С бокалами шампанского на подносе вошла хозяйка, чем-то явно расстроенная, чуть ли не со слезами на глазах.
— Что, Лида? Опять?
— Два раза звонили. Неизвестные голоса. И всё то же.
— Представляете, поручик? Уже несколько дней звонят трусливые мерзавцы и говорят, что Врангеля отравили по моему приказу! Он сам себя отрешил непомерным честолюбием, стремлением к высшей власти. Ничего не вышло — вот и умер. Ведь эта болезнь никому не известна. Врачи написали, чтобы что-нибудь написать: тяжёлая инфекция, пробудившая скрытый туберкулёз. А на самом деле — 38 суток с температурой 40°! Какая там инфекция? Крах честолюбивых замыслов!
— Александр, о мёртвых...
— Я знаю, но военному человеку следует быть скромным. Меня генерал Корнилов разжаловал в солдаты в Ростове, и я, ни слова не говоря, взял винтовку и пошёл в строй. Я сам просил вчера Великого князя, чтобы не назначал меня командующим — войны нет, организованной армии нет, а унаследовать титул Врангеля мало чести. Пусть это означает, что той армии, врангелевской армии, больше нет. Есть РОВС, которым командую я. Есть Великий князь.

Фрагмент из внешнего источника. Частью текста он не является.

(* Let $B \subset \mathbb{Z}$ be a Bohr-zero non-periodic set. Then the set $D := \{xy - z^2 \,:\, x,y,z \in B\}$ satisfies $D = \mathbb{Z}$.
   Context: $\mathbb{T}^n=\mathbb{R}^n/\mathbb{Z}^n$. A set $B\subset \mathbb{Z}$ is a non-periodic Bohr set if there exist $n\ge 1$, a homomorphism $\tau:\mathbb{Z}\to\mathbb{T}^n$ with $\overline{\tau(\mathbb{Z})}=\mathbb{T}^n$, and an open set $U\subset\mathbb{T}^n$ with $B=\tau^{-1}(U)$; it is Bohr-zero if moreover $U$ contains the zero element of $\mathbb{T}^n$. *)

(* The torus T^n = R^n / Z^n is modelled through
   its universal cover: a point of T^n is represented by a row vector of
   'rV[R]_n (R = Stdlib's reals, a realType), two vectors representing the
   same point iff their difference lies in Z^n. *)
From HB Require Import structures.
From mathcomp Require Import all_boot all_order all_algebra.
From mathcomp Require Import all_classical all_reals all_analysis.
From mathcomp Require Import Rstruct Rstruct_topology.
Set Implicit Arguments. Unset Strict Implicit. Unset Printing Implicit Defensive.
Import Order.TTheory GRing.Theory Num.Theory.
Local Open Scope ring_scope.
Local Open Scope classical_set_scope.

Notation RR := Rdefinitions.R.

Definition lattice_vec (n : nat) (v : 'rV[RR]_n) : Prop :=
  forall i : 'I_n, v ord0 i \is a Num.int.

Definition torus_eq (n : nat) (u v : 'rV[RR]_n) : Prop := lattice_vec (u - v).

(* A subset of T^n, seen as a Z^n-invariant subset of R^n *)
Definition Zn_invariant (n : nat) (U : set 'rV[RR]_n) : Prop :=
  forall u v, torus_eq u v -> U u -> U v.

(* An open set of T^n = an open Z^n-invariant subset of R^n (quotient topology) *)
Definition torus_open (n : nat) (U : set 'rV[RR]_n) : Prop :=
  Zn_invariant U /\ open U.

Definition torus_hom (n : nat) (tau : int -> 'rV[RR]_n) : Prop :=
  forall a b : int, torus_eq (tau (a + b)%R) (tau a + tau b).

(* the image of tau is dense in T^n: its full preimage tau(Z) + Z^n in R^n is dense *)
Definition torus_dense_image (n : nat) (tau : int -> 'rV[RR]_n) : Prop :=
  closure [set tau k + w | k in [set: int] & w in lattice_vec (n:=n)] = setT.

Definition bohr_zero_nonperiodic (B : set int) : Prop :=
  exists (n : nat) (tau : int -> 'rV[RR]_n) (U : set 'rV[RR]_n),
    (1 <= n)%N /\ torus_hom tau /\ torus_dense_image tau /\
    torus_open U /\ U 0 /\ B = [set k | U (tau k)].

(* Write al for the representative of tau(1) in R^n and ||x|| for the distance
   of x to Z^n.  Since U is an open neighbourhood of 0, B contains a Bohr ball
   {k : ||k al|| <= r}, and density of tau(Z) says that the multiples of al are
   dense modulo Z^n.  The core is a quadratic Kronecker theorem: for all u, t
   there is m with m al ~ u and m^2 al ~ t.  Start from a with a al ~ u and
   append integers b_j, each paired with a large M_j such that M_j al ~ 0
   (Dirichlet) and 2 b_j M_j al ~ t - a^2 al - M_j^2 al (density); pigeonholing
   the partial sums of the uncontrolled terms b_j^2 al yields a block of steps
   where they cancel, and adding the last M_j then produces m.  Finally, with
   c >= 1 such that al / c is small, pick a with a al ~ -al/c and
   a^2 al ~ al/c^2 - d al: then y = a^2 + d, z = a + c y and x = 1 + 2 a c + c^2 y
   lie in the Bohr ball and x y - z^2 = y - a^2 = d. *)

From mathcomp Require Import all_boot all_order all_algebra.
From mathcomp Require Import all_classical all_reals all_analysis.
From mathcomp Require Import Rstruct Rstruct_topology.
From mathcomp Require Import ring lra.
Import Order.TTheory GRing.Theory Num.Theory.
Set Implicit Arguments. Unset Strict Implicit. Unset Printing Implicit Defensive.
Local Open Scope ring_scope.
Local Open Scope classical_set_scope.

Section NearInt.
Variables (R : archiRealFieldType) (n : nat).
Implicit Types (x y : 'I_n -> R) (r s : R).

Definition near_int x r : Prop :=
  exists N : 'I_n -> int, forall i, `|x i - (N i)%:~R| <= r.

Lemma near_int_le x r s : near_int x r -> r <= s -> near_int x s.
Proof. by move=> [N HN] rs; exists N => i; apply: le_trans (HN i) rs. Qed.

Lemma eq_near_int x y r : (forall i, x i = y i) -> near_int x r -> near_int y r.
Proof. by move=> exy [N HN]; exists N => i; rewrite -exy. Qed.

Lemma near_intD x y r s :
  near_int x r -> near_int y s -> near_int (fun i => x i + y i) (r + s).
Proof.
move=> [N HN] [M HM]; exists (fun i => N i + M i) => i.
have -> : x i + y i - (N i + M i)%:~R = (x i - (N i)%:~R) + (y i - (M i)%:~R).
  by rewrite intrD; ring.
exact: le_trans (ler_normD _ _) (lerD (HN i) (HM i)).
Qed.

Lemma near_intMz (k : int) x r :
  near_int x r -> near_int (fun i => k%:~R * x i) (`|k|%:~R * r).
Proof.
move=> [N HN]; exists (fun i => k * N i) => i.
by rewrite intrM -mulrBr normrM -intr_norm ler_wpM2l.
Qed.

Lemma near_intMn (k : nat) x r :
  near_int x r -> near_int (fun i => k%:R * x i) (k%:R * r).
Proof. by move=> /(near_intMz k) near_k; exact: near_k. Qed.

Lemma near_int_norm x r : (forall i, `|x i| <= r) -> near_int x r.
Proof. by move=> xr; exists (fun=> 0) => i; rewrite subr0. Qed.

Lemma near_int_int x (N : 'I_n -> int) : (forall i, x i = (N i)%:~R) -> near_int x 0.
Proof. by move=> xN; exists N => i; rewrite xN subrr normr0. Qed.

End NearInt.

Section Pigeonhole.
Variable R : archiRealFieldType.

Definition frac_part (x : R) : R := x - (Num.floor x)%:~R.

Lemma frac_part_ge0 x : 0 <= frac_part x.
Proof. by rewrite subr_ge0 floor_le. Qed.

Lemma frac_part_lt1 x : frac_part x < 1.
Proof. by rewrite ltrBlDr addrC -[1]/(1%:~R) -intrD floorD1_gt. Qed.

Definition frac_bucket (L : nat) (x : R) : 'I_L.+1 :=
  inord `|Num.floor (L.+1%:R * frac_part x)|%N.

Lemma frac_bucket_close L x y :
  frac_bucket L x = frac_bucket L y -> `|frac_part x - frac_part y| <= L.+1%:R^-1.
Proof.
have L0 : 0 < L.+1%:R :> R by rewrite ltr0n.
have bucket z : let F := Num.floor (L.+1%:R * frac_part z) in
    [/\ 0 <= F, (`|F| < L.+1)%N & F%:~R <= L.+1%:R * frac_part z < F%:~R + 1].
  move=> F; have F0 : 0 <= F by rewrite floor_ge0 mulr_ge0 ?frac_part_ge0.
  split=> //; last by rewrite -[1]/(1%:~R) -intrD floor_itv.
  suff : F < L.+1%:Z by rewrite -(gez0_abs F0).
  by rewrite floor_lt_int -[X in _ < X]mulr1 ltr_pM2l // frac_part_lt1.
have [x0 xL /andP[x1 x2]] := bucket x; have [y0 yL /andP[y1 y2]] := bucket y.
move/(congr1 val); rewrite /= !inordK // => /(congr1 Posz).
rewrite !gez0_abs // => exy; rewrite exy in x1 x2.
rewrite -(ler_pM2l L0) mulrV ?unitfE ?gt_eqF //.
rewrite -[X in X * _]gtr0_norm // -normrM mulrBr ler_norml; apply/andP; split; lra.
Qed.

Lemma pigeonhole_near_int n (L : nat) (p : nat -> 'I_n -> R) :
  exists k1 k2 : nat, (k1 < k2 <= L.+1 ^ n)%N /\
    near_int (fun i => p k2 i - p k1 i) L.+1%:R^-1.
Proof.
pose f (k : 'I_(L.+1 ^ n).+1) := [ffun i => frac_bucket L (p k i)].
have [k1 [k2 [fk12 k12]]] : exists k1 k2, f k1 = f k2 /\ k1 != k2.
  apply: contrapT => noncoll.
  have /leq_card : injective f.
    move=> k1 k2 fk12; apply: contrapT => k12.
    by apply: noncoll; exists k1, k2; split=> //; apply/eqP.
  by rewrite card_ffun !card_ord ltnn.
have near_diff (a b : 'I_(L.+1 ^ n).+1) : f a = f b ->
    near_int (fun i => p b i - p a i) L.+1%:R^-1.
  move=> fab; exists (fun i => Num.floor (p b i) - Num.floor (p a i)) => i.
  move/(congr1 (fun g : {ffun _ -> _} => g i)): fab; rewrite !ffunE.
  move/frac_bucket_close; rewrite distrC /frac_part intrB.
  by congr (`|_| <= _); ring.
case: (ltngtP k1 k2) => [lt12|lt21|eq12].
- by exists k1, k2; rewrite lt12 -ltnS ltn_ord; split=> //; apply: near_diff.
- by exists k2, k1; rewrite lt21 -ltnS ltn_ord; split=> //; apply: near_diff.
- by move: k12; rewrite (val_inj eq12) eqxx.
Qed.

Lemma exists_inv_succ_le (eta : R) : 0 < eta -> exists L : nat, L.+1%:R^-1 <= eta.
Proof.
move=> eta0; exists (Num.bound eta^-1).
rewrite -[leRHS]invrK lef_pV2 ?posrE ?invr_gt0 ?ltr0n //.
by rewrite ltW // (lt_le_trans (archi_boundP _)) ?ler_nat ?invr_ge0 ?ltW.
Qed.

— Он очень болен, — сказал Кривский. — В освобождённой России вы будете военным министром и представляете, что...
— Поручик Кривский, отставить! Выпьем за успехи в новой работе. Я хочу теперь сделать две канцелярии — гражданскую, где останется князь Трубецкой, и военную, куда я пригласил генерала Стогова...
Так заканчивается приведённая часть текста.